*** Opening of Records for processing ***

Lemma card_mul_leq_sum A f c : {in A, forall t, c <= f t} -> #|A| * c <= \sum_(t in A) f t.
Proof. by move=> H; rewrite -sum_nat_const; apply: leq_sum. Qed.

Lemma sum_leq_card_mul A f c : {in A, forall t, f t <= c} -> \sum_(t in A) f t <= #|A| * c.
Proof. by move=> H; rewrite -sum_nat_const; apply: leq_sum. Qed.

Lemma admissible_prune_leaf S X d x l : admissible S X d -> 2 < #|S| ->
  x \in X -> 2 < d x -> l \in S :\: X -> d l = 1 -> #|X| < #|S :\: X| ->
  admissible (S :\ l) X (decr d x).
Proof.
case=> XS sS pS X2 _ sXY S3 xX dx lY dl XY.
have xS : x \in S by exact: (subsetP XS).
move: (lY); rewrite inE => /andP[lX lS].
have xl : x != l by apply: contraNneq lX => <-.
have xSl : x \in S :\ l by rewrite !inE xl.
have YE : (S :\ l) :\: X = (S :\: X) :\ l.
  by apply/setP => t; rewrite !inE; case: (t == l); case: (t \in X).
have cY : #|S :\: X| = #|(S :\: X) :\ l|.+1 by rewrite (cardsD1 l (S :\: X)) lY.
have cS : #|S| = #|S :\ l|.+1 by rewrite (cardsD1 l S) lS.
split.
- apply/subsetP => t tX; rewrite !inE (subsetP XS _ tX) andbT.
  by apply: contraNneq lX => <-.
- have := sum_decr_in xSl (ltnW (ltnW dx)).
  by move: sS; rewrite (big_setD1 l lS) dl /=; card_lia.
- move=> _ t; rewrite inE => /andP[_ tS]; rewrite /decr.
  by case: eqP => [->|_]; [card_lia | apply: pS => //; card_lia].
- move=> _ t tX; rewrite /decr.
  by case: eqP => [->|_]; [card_lia | apply: X2 => //; card_lia].
- by rewrite YE; card_lia.
- rewrite YE (sum_decr_out _ (_ : x \notin (S :\: X) :\ l)); last by rewrite !inE xX andbF.
  have := sum_decr_in xX (ltnW (ltnW dx)).
  by move: sXY; rewrite (big_setD1 l lY) dl /=; card_lia.
Qed.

*** Close of Records for processing ***

■ Work item: The response must consist of all the data, reproduced without alteration.

■ Written answer:
Lemma card_mul_leq_sum A f c : {in A, forall t, c <= f t} -> #|A| * c <= \sum_(t in A) f t.
Proof. by move=> H; rewrite -sum_nat_const; apply: leq_sum. Qed.

Lemma sum_leq_card_mul A f c : {in A, forall t, f t <= c} -> \sum_(t in A) f t <= #|A| * c.
Proof. by move=> H; rewrite -sum_nat_const; apply: leq_sum. Qed.

Lemma admissible_prune_leaf S X d x l : admissible S X d -> 2 < #|S| ->
  x \in X -> 2 < d x -> l \in S :\: X -> d l = 1 -> #|X| < #|S :\: X| ->
  admissible (S :\ l) X (decr d x).
Proof.
case=> XS sS pS X2 _ sXY S3 xX dx lY dl XY.
have xS : x \in S by exact: (subsetP XS).
move: (lY); rewrite inE => /andP[lX lS].
have xl : x != l by apply: contraNneq lX => <-.
have xSl : x \in S :\ l by rewrite !inE xl.
have YE : (S :\ l) :\: X = (S :\: X) :\ l.
  by apply/setP => t; rewrite !inE; case: (t == l); case: (t \in X).
have cY : #|S :\: X| = #|(S :\: X) :\ l|.+1 by rewrite (cardsD1 l (S :\: X)) lY.
have cS : #|S| = #|S :\ l|.+1 by rewrite (cardsD1 l S) lS.
split.
- apply/subsetP => t tX; rewrite !inE (subsetP XS _ tX) andbT.
  by apply: contraNneq lX => <-.
- have := sum_decr_in xSl (ltnW (ltnW dx)).
  by move: sS; rewrite (big_setD1 l lS) dl /=; card_lia.
- move=> _ t; rewrite inE => /andP[_ tS]; rewrite /decr.
  by case: eqP => [->|_]; [card_lia | apply: pS => //; card_lia].
- move=> _ t tX; rewrite /decr.
  by case: eqP => [->|_]; [card_lia | apply: X2 => //; card_lia].
- by rewrite YE; card_lia.
- rewrite YE (sum_decr_out _ (_ : x \notin (S :\: X) :\ l)); last by rewrite !inE xX andbF.
  have := sum_decr_in xX (ltnW (ltnW dx)).
  by move: sXY; rewrite (big_setD1 l lY) dl /=; card_lia.
Qed.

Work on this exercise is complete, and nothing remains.